(* The fibres of [psi] are the ~_C classes and the singletons below m. *)
Lemma edge_clause_const_on_fibres u : size u = n ->
  ~~ feval (word_val u) (edge_clause I) <-> const_on_fibres (psi m Os) n u.
Proof.
move=> su; rewrite feval_edge_clause; split => [/hasPn edge_eq | cu].
  have sim_eq a b : clos_refl_sym_trans nat (fun a b => (a, b) \in I) a b ->
      word_val u a = word_val u b.
    elim=> [x y /edge_eq | x | x y _ -> | x y z _ -> _ ->] //.
    by rewrite negbK => /eqP.
  by move=> a b a_n b_n /(psi_fibre a_n b_n)[-> | [_ [_ /sim_eq]]].
apply/hasPn => -[a b] ab /=; rewrite negbK; apply/eqP.
have [a_n b_n] := edge_range ab.
by apply: cu (psi_edge ab); lia.
Qed.

End ContractibleClause.

Theorem theorem3p8 (n m : nat) (S' : formula) (I : seq (nat * nat))
    (Os : seq (seq nat)) :
  on_elems n S' ->
  VC_interval I m n ->
  ordered_class_decomp I Os ->
  let rs := rvec Os in
  forall u : seq nat,
    Sgen n (FAnd S' (edge_clause I)) u =
    (Sgen n S' u -
     induce rs (Sgen (n - sumn rs) (contraction S' m Os)) u)%R.
Proof.
move=> S'n VCI decI rs u.
have [/andP[m_gt0 m_n] _] := VCI.
have B := decomp_descending_blocks VCI decI.
have -> : n - sumn rs = m.-1 + size Os.
  by have := sumn_rvec (block_nonempty B); rewrite (sumn_size_blocks B) -/rs; lia.
rewrite Sgen_split; congr (_ - _)%R; apply/esym.
apply: (induce_Sgen_frename (G := FNeg (edge_clause I)) _ _ _ _ u S'n
         (edge_clause_const_on_fibres VCI decI)).
- exact: psi_range VCI decI.
- by move=> i /(psi_onto B m_gt0)[j j_n <-]; exists j => //; lia.
- by rewrite size_map leq_addl.
- by move=> w sw; rewrite (up_word_psi m_gt0 B sw); congr pullback; lia.
Qed.
Definition sgn q : R := if (q < d)%N then 1 else -1.

(* Neuron [r * 2d + q] of the first layer computes [sgn q * (x - y r)] at
   coordinate [q %% d], so that its block of [2d] neurons sums after ReLU to the
   l^1 distance from [x] to [y r]. *)
Definition input_weight i : nat -> R :=
  if (i < m * (2 * d))%N then fun j => sgn (i %% (2 * d))%N * delta (i %% (2 * d) %% d)%N j
  else fun=> 0.

Definition input_bias i : R :=
  if (i < m * (2 * d))%N then - sgn (i %% (2 * d))%N * ycoord (i %/ (2 * d))%N (i %% (2 * d) %% d)%N
  else 0.

(* Hidden layer [k] carries the distances to [y r], [k <= r < m], read off by
   [dist_weight k r], and the running maximum [s] of the cones, read off by
   [max_weight k] and [max_bias k]. For [2 <= k <= m], [max s a] is stored as
   [relu a - relu (- a) + relu (s - a)] in neurons 0, 1, 2 and the distance to
   [y r] in neuron [3 + r - k]; beyond [m], [s] is stored as [relu s - relu (- s)]. *)
Definition dist_weight k r : nat -> R :=
  if k == 1%N then fun j => (r * (2 * d) <= j < r * (2 * d) + 2 * d)%N%:R
  else delta (3 + r - k).

Definition max_weight k : nat -> R :=
  if k == 1%N then fun j => - L * dist_weight 1 0 j
  else if (k <= m)%N then fun j => delta 0 j - delta 1 j + delta 2 j
  else fun j => delta 0 j - delta 1 j.

Definition max_bias k : R := if k == 1%N then c 0 else 0.

(* [net_weight k] and [net_bias k] define layer [k + 1] from the readouts of
   layer [k]; layer 0 is the input. *)
Definition net_weight k i : nat -> R :=
  if k == 0%N then input_weight i
  else if k.+1 == LL then (if i == 0%N then max_weight k else fun=> 0)
  else if (k < m)%N then
    match i with
    | 0 => fun j => - L * dist_weight k k j
    | 1 => fun j => L * dist_weight k k j
    | 2 => fun j => max_weight k j + L * dist_weight k k j
    | i'.+3 => if (k.+1 + i' < m)%N then dist_weight k (k.+1 + i') else fun=> 0
    end
  else match i with 0 => max_weight k | 1 => fun j => - max_weight k j | _ => fun=> 0 end.

Definition net_bias k i : R :=
  if k == 0%N then input_bias i
  else if k.+1 == LL then (if i == 0%N then max_bias k else 0)
  else if (k < m)%N then match i with 0 => c k | 1 => - c k | 2 => max_bias k - c k | _ => 0 end
  else match i with 0 => max_bias k | 1 => - max_bias k | _ => 0 end.

Section Realization.
Variables (u v : \bar R) (x : 'rV[R]_d) (l : seq nat).
Hypothesis m_gt0 : (0 < m)%N.
Hypothesis lt_mLL : (m < LL)%N.
Hypothesis size_l : size l = LL.+1.
Hypothesis l_last : nth 0%N l LL = 1%N.
Hypothesis l_1 : (2 * d * m <= nth 0 l 1)%N.
Hypothesis l_le_m : forall k, (2 <= k <= m)%N -> (2 * m + 3 - 2 * k <= nth 0 l k)%N.
Hypothesis l_gt_m : forall k, (m < k < LL)%N -> (2 <= nth 0 l k)%N.

Local Notation lw k := (nth 0%N l k).
Local Notation X := (ext (fun j => x ord0 j)).
Local Notation cone := (cone L y c x).
Local Notation cone_max := (cone_max L y c x).

Definition layer_invariant k z :=
  dot (lw k) (max_weight k) z + max_bias k = cone_max (minn k m) /\
  forall r, (k <= r < m)%N -> dot (lw k) (dist_weight k r) z = dist1 x (y r).

Lemma first_layer_neuron r q : (r < m)%N -> (q < 2 * d)%N ->
  layer_map net_weight net_bias 0 d X (r * (2 * d) + q)%N =
    sgn q * (X (q %% d)%N - ycoord r (q %% d)%N).
Proof.
move=> lt_rm lt_q2d; have d_gt0 : (0 < d)%N by lia.
rewrite /layer_map /net_weight /net_bias /input_weight /input_bias /=.
have -> : (r * (2 * d) + q < m * (2 * d))%N by nia.
rewrite modnMDl modn_small // divnMDl ?divn_small ?addn0 //; last lia.
by rewrite dotZ dot_delta ?ltn_mod //; ring.
Qed.

Lemma first_layer_dist r : (r < m)%N ->
  dot (lw 1) (dist_weight 1 r) (relu (layer_map net_weight net_bias 0 d X)) = dist1 x (y r).
Proof.
move=> lt_rm; rewrite /dist_weight /= dot_interval; last by nia.
under eq_bigr => q _ do rewrite /relu first_layer_neuron //.
have -> : (2 * d = d + d)%N by lia.
rewrite big_split_ord /= /dist1 -big_split /=; apply: eq_bigr => i _.
have lt_id := ltn_ord i.
rewrite /sgn lt_id ifN -?leqNgt ?leq_addr // modnDl modn_small //.
by rewrite /ycoord !ext_ord mul1r mulN1r -relu_add_reluN.
Qed.

Lemma invariant_layer1 : layer_invariant 1 (relu (layer_map net_weight net_bias 0 d X)).
Proof.
split=> [|r /andP[_ lt_rm]]; last exact: first_layer_dist.
rewrite /max_weight /max_bias /= dotZ first_layer_dist // (minn_idPl m_gt0) cone_max1.
by rewrite /cone addrC mulNr.
Qed.
(* Uniform weights: N(1/K) = (B B')/K is invertible with inverse K (B B')^-1. *)
Lemma uniform_offdiag_bound j k : (0 < K)%N -> \rank (Bcat B) = m ->
  `|S j k| <= alpha / 2 * K%:R *
    lambda_max ((Ejk j k)^T *m invmx (Bcat B *m (Bcat B)^T) *m Ejk j k).
Proof.
move=> K_gt0 rankB; set G := Bcat B *m (Bcat B)^T.
have K_neq0 : (K%:R : R) != 0 by rewrite pnatr_eq0 -lt0n.
have unitG : G \in unitmx by apply: row_free_gram_unit; rewrite /row_free rankB.
have symG : G^T = G by rewrite /G trmx_mul trmxK.
have N_unif : Nmx B (fun=> K%:R^-1) = K%:R^-1 *: G.
  by rewrite /Nmx -scaler_sumr /G /Bcat tr_mxrow mul_mxrow_mxcol.
have in_N v : in_colspace v (Nmx B (fun=> K%:R^-1)).
  rewrite in_colspace_Nmx submx_full // row_full_unit N_unif unitmxZ //.
  by rewrite unitfE invr_eq0.
rewrite [alpha / 2 * _]mulrAC.
apply: (offdiag_bound _ symS psdS _ (trace_le (uniform_weight K_gt0)) (in_N _) (in_N _)).
- by move=> l; rewrite invr_ge0 ler0n.
- by rewrite trmx_inv symG.
- exact: ler0n.
- rewrite N_unif -!scalemxAl -!scalemxAr !scalerA mulmxV //.
  by rewrite -scalemxAl mul1mx scalerA divfK.
Qed.
Lemma fmul_sumr h K (c : nat -> F) (S : nat -> fps F) :
  fmul h (fun n => \sum_(m < K) c m * S m n) = fun n => \sum_(m < K) c m * fmul h (S m) n.
Proof.
apply: functional_extensionality => n; rewrite /fmul.
under eq_bigr do rewrite mulr_sumr.
rewrite exchange_big /=; apply: eq_bigr => m _; rewrite mulr_sumr.
by apply: eq_bigr => i _; rewrite mulrCA.
Qed.

Lemma fcompD f f' : fcomp (fadd f f') g = fadd (fcomp f g) (fcomp f' g).
Proof.
apply: functional_extensionality => n; rewrite /fcomp /fadd -big_split /=.
by apply: eq_bigr => i _; rewrite mulrDl.
Qed.

Lemma fcompZ c f : fcomp (fscale c f) g = fscale c (fcomp f g).
Proof.
apply: functional_extensionality => n; rewrite /fcomp /fscale mulr_sumr.
by apply: eq_bigr => i _; rewrite mulrA.
Qed.

Lemma fcompX f : fcomp (fmulX f) g = fmul g (fcomp f g).
Proof.
apply: functional_extensionality => n.
rewrite (@fmul_eq_low g _ (fcomp_trunc n.+1 f) n) => [|i le_in]; last first.
  by apply: fcomp_truncE; rewrite ltnS.
rewrite /fcomp_trunc fmul_sumr /fcomp big_ord_recl /= mul0r add0r big_ord_recr /=.
by rewrite -fpowS fpow_small ?mulr0 ?addr0.
Qed.

Lemma fmul_ftheta_fpow m : fmul g (ftheta (fpow g m)) = fscale m%:R (fmul (ftheta g) (fpow g m)).
Proof.
elim: m => [|m IH].
  fps_ext n; rewrite mul0r /fpow /= /fmul big1 // => i _.
  by rewrite /fone; case: (n - i)%N => [|j] /=; rewrite !(mul0r, mulr0).
rewrite fpowS fthetaM fmulDr IH fmulZr.
rewrite (fmulA g (ftheta g)) (fmulC g (ftheta g)) -fmulA.
by fps_ext n; rewrite mulrSr; ring.
Qed.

### Task requirements
Go through the material above line by line and state how many lines contain "Notation". Give only the number.

### Exercise result
4